33 downloads per month

MIT license

19KB
225 lines

code-splitter

Docs License Crates.io

Introduction

Welcome to code-splitter, a Rust crate designed to split source code into chunks. It is particularly useful in Retrieval Augmented Generation (RAG), a technique that enhances the generation capabilities of Large Language Models (LLM) by leveraging external knowledge sources.

In a prototypical RAG application, longer documents are first split into chunks, encoded into embeddings, and then indexed into a vector database. When handling a new user query, the system first searches the vector database and retrieves the most relevant chunks based on their embeddings. These retrieved chunks are then used as context to augment the query, which is subsequently processed by an LLM. Chunking is essential for several reasons:

  • Model Input Constraints: Embedding models, such as OpenAI's text-embedding-3-small, have a fixed maximum input token limit (e.g., 8192 tokens). Longer documents need to be divided into smaller chunks to fit within these input constraints.
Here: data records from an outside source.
(* Let $X$ be a separated metric compact Hausdorff space with metric $d$. A binary continuous submetric $\gamma$ on $X$ is reflexive if and only if $d(x,y)\le\gamma((x,i),(y,j))$ for all $x,y\in X$ and $i,j\in\{0,1\}$.
   Context: A metric on a set $X$ is a map $d\colon X\times X\to[0,\infty]$ with $d(x,x)=0$ and $d(x,z)\le d(x,y)+d(y,z)$ (not necessarily symmetric, $\infty$ allowed); separated means $d(x,y)=0=d(y,x)$ implies $x=y$. A separated metric compact Hausdorff space is a compact Hausdorff space with a separated metric continuous $X\times X\to[0,\infty]$ for the upper topology on $[0,\infty]$ (open sets $]u,\infty]$); morphisms are continuous non-expansive maps. $X+X$ is the coproduct with elements $(x,i)$, $i\in\{0,1\}$, coproduct topology and metric $d((x,i),(y,i))=d(x,y)$, $d((x,i),(y,1-i))=\infty$. A binary continuous submetric on $X$ is a (not necessarily separated) metric $\gamma$ on $X+X$, continuous for the upper topology, below the coproduct metric. Its associated corelation is $\binom{q_0}{q_1}\colon X+X\to S:=(X+X)/{\sim_\gamma}$ where $u\sim_\gamma v$ iff $\gamma(u,v)=\gamma(v,u)=0$, $S$ has quotient topology and metric $([u],[v])\mapsto\gamma(u,v)$, $q_i(x)=[(x,i)]$. $\gamma$ is reflexive if there is a continuous non-expansive $e\colon S\to X$ with $e\circ q_0=e\circ q_1=1_X$. *)

From HB Require Import structures.
From mathcomp Require Import all_boot all_order all_algebra.
From mathcomp Require Import all_classical all_reals all_analysis.
Set Implicit Arguments. Unset Strict Implicit. Unset Printing Implicit Defensive.
Import Order.TTheory GRing.Theory Num.Theory.
Local Open Scope classical_set_scope.
Local Open Scope ring_scope.
Local Open Scope ereal_scope.

Definition is_metric {R : realType} {T : Type} (d : T -> T -> \bar R) : Prop :=
  [/\ forall x y, 0 <= d x y,
      forall x, d x x = 0 &
      forall x y z, d x z <= d x y + d y z].

Definition separated {R : realType} {T : Type} (d : T -> T -> \bar R) : Prop :=
  forall x y, d x y = 0 -> d y x = 0 -> x = y.

(* Continuity of f : T -> [0,+oo] for the upper topology (opens ]u,+oo]). *)
Definition upper_continuous {R : realType} {T : topologicalType} (f : T -> \bar R) : Prop :=
  forall u : \bar R, open (f @^-1` [set v | u < v]).

Definition metric_compHaus {R : realType} (X : topologicalType) (d : X -> X -> \bar R) : Prop :=
  [/\ compact [set: X], hausdorff_space X, is_metric d, separated d &
      upper_continuous (fun p : X * X => d p.1 p.2)].

(* X + X is modelled as X * bool (bool discrete, so the product topology is the
   coproduct topology); (x, i) is the element x of the i-th summand. *)
Definition coprod_metric {R : realType} {X : Type} (d : X -> X -> \bar R)
  (u v : X * bool) : \bar R :=
  if u.2 == v.2 then d u.1 v.1 else +oo.

Definition binary_cont_submetric {R : realType} (X : topologicalType)
  (d : X -> X -> \bar R) (g : X * bool -> X * bool -> \bar R) : Prop :=
  [/\ is_metric g,
      upper_continuous (fun p : (X * bool) * (X * bool) => g p.1 p.2) &
      forall u v, g u v <= coprod_metric d u v].

Definition sim_g {R : realType} {T : Type} (g : T -> T -> \bar R) (u v : T) : Prop :=
  g u v = 0 /\ g v u = 0.

(* Reflexivity: there is a continuous non-expansive e : S -> X with
   e \o q_0 = e \o q_1 = id, where S = (X+X)/~g carries the quotient topology and
   the metric [u],[v] |-> g u v.  A map e : S -> X is represented, via the
   universal property of the quotient, by E := e \o q : X + X -> X, which is
   constant on ~g-classes; e is continuous for the quotient topology iff E is
   continuous; non-expansiveness reads d (E u) (E v) <= g u v; and
   e \o q_i = id reads E (x, i) = x. *)
Definition reflexive_submetric {R : realType} (X : topologicalType)
  (d : X -> X -> \bar R) (g : X * bool -> X * bool -> \bar R) : Prop :=
  exists E : X * bool -> X,
    [/\ forall u v, sim_g g u v -> E u = E v,
        continuous E,
        forall u v, d (E u) (E v) <= g u v &
        forall x i, E (x, i) = x].

From Pilot Require Import Defs.
From HB Require Import structures.
From mathcomp Require Import all_boot all_order all_algebra.
From mathcomp Require Import all_classical all_reals all_analysis.
Import Order.TTheory GRing.Theory Num.Theory.
Local Open Scope classical_set_scope.
Local Open Scope ring_scope.
Local Open Scope ereal_scope.

(* Any retraction E of X + X onto X satisfies E (x, i) = x, so non-expansiveness
   already forces d x y <= g ((x, i), (y, j)).  Conversely the projection
   (x, i) |-> x is a continuous retraction; it is non-expansive exactly under
   this inequality, and it is constant on ~g-classes because g (u, v) = 0 then
   forces d (u.1, v.1) = 0 and d is separated. *)

Section ReflexiveSubmetric.
Variables (R : realType) (X : topologicalType) (d : X -> X -> \bar R).
Variable g : X * bool -> X * bool -> \bar R.

Lemma reflexive_submetric_le :
  reflexive_submetric d g -> forall x y i j, d x y <= g (x, i) (y, j).
Proof. by move=> [E [_ _ nE EE]] x y i j; have := nE (x, i) (y, j); rewrite !EE. Qed.

Hypothesis d_ge0 : forall x y, 0 <= d x y.
Hypothesis d_sep : Defs.separated d.
Hypothesis d_le_g : forall x y i j, d x y <= g (x, i) (y, j).

Lemma sim_g_fst u v : sim_g g u v -> u.1 = v.1.
Proof.
have d_eq0 x y i j : g (x, i) (y, j) = 0 -> d x y = 0.
  by move=> g0; apply/le_anti; rewrite d_ge0 -g0 d_le_g.
by case: u v => [x i] [y j] [guv gvu]; apply: d_sep; [exact: d_eq0 guv|exact: d_eq0 gvu].
Qed.

Lemma reflexive_submetric_fst : reflexive_submetric d g.
Proof.
exists fst; split => //.
- exact: sim_g_fst.
- by move=> p; exact: cvg_fst.
- by move=> [x i] [y j]; exact: d_le_g.
Qed.

End ReflexiveSubmetric.

Theorem lemma5p4 (R : realType) (X : topologicalType) (d : X -> X -> \bar R)
  (g : X * bool -> X * bool -> \bar R) :
  metric_compHaus d -> binary_cont_submetric d g ->
  (reflexive_submetric d g <->
   forall (x y : X) (i j : bool), d x y <= g (x, i) (y, j)).
Proof.
move=> [_ _ [d_ge0 _ _] d_sep _] _; split; first exact: reflexive_submetric_le.
exact: reflexive_submetric_fst.
Qed.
  • Precision and Relevance: By chunking longer documents, each chunk can be treated as a separate entity for retrieval. This improves the precision of the retrieval process, as smaller, focused chunks are more likely to be relevant to a specific query compared to an entire lengthy document.

  • Improved Generation Quality: LLMs generate better responses when they have a concise and relevant context. Smaller chunks help in maintaining a clear and focused context, reducing the chances of irrelevant information diluting the response.

Features

This crate utilizes tree-sitter to parse code into an Abstract Syntax Tree (AST) and merge sibling nodes to create the largest possible chunks without exceeding the size limit.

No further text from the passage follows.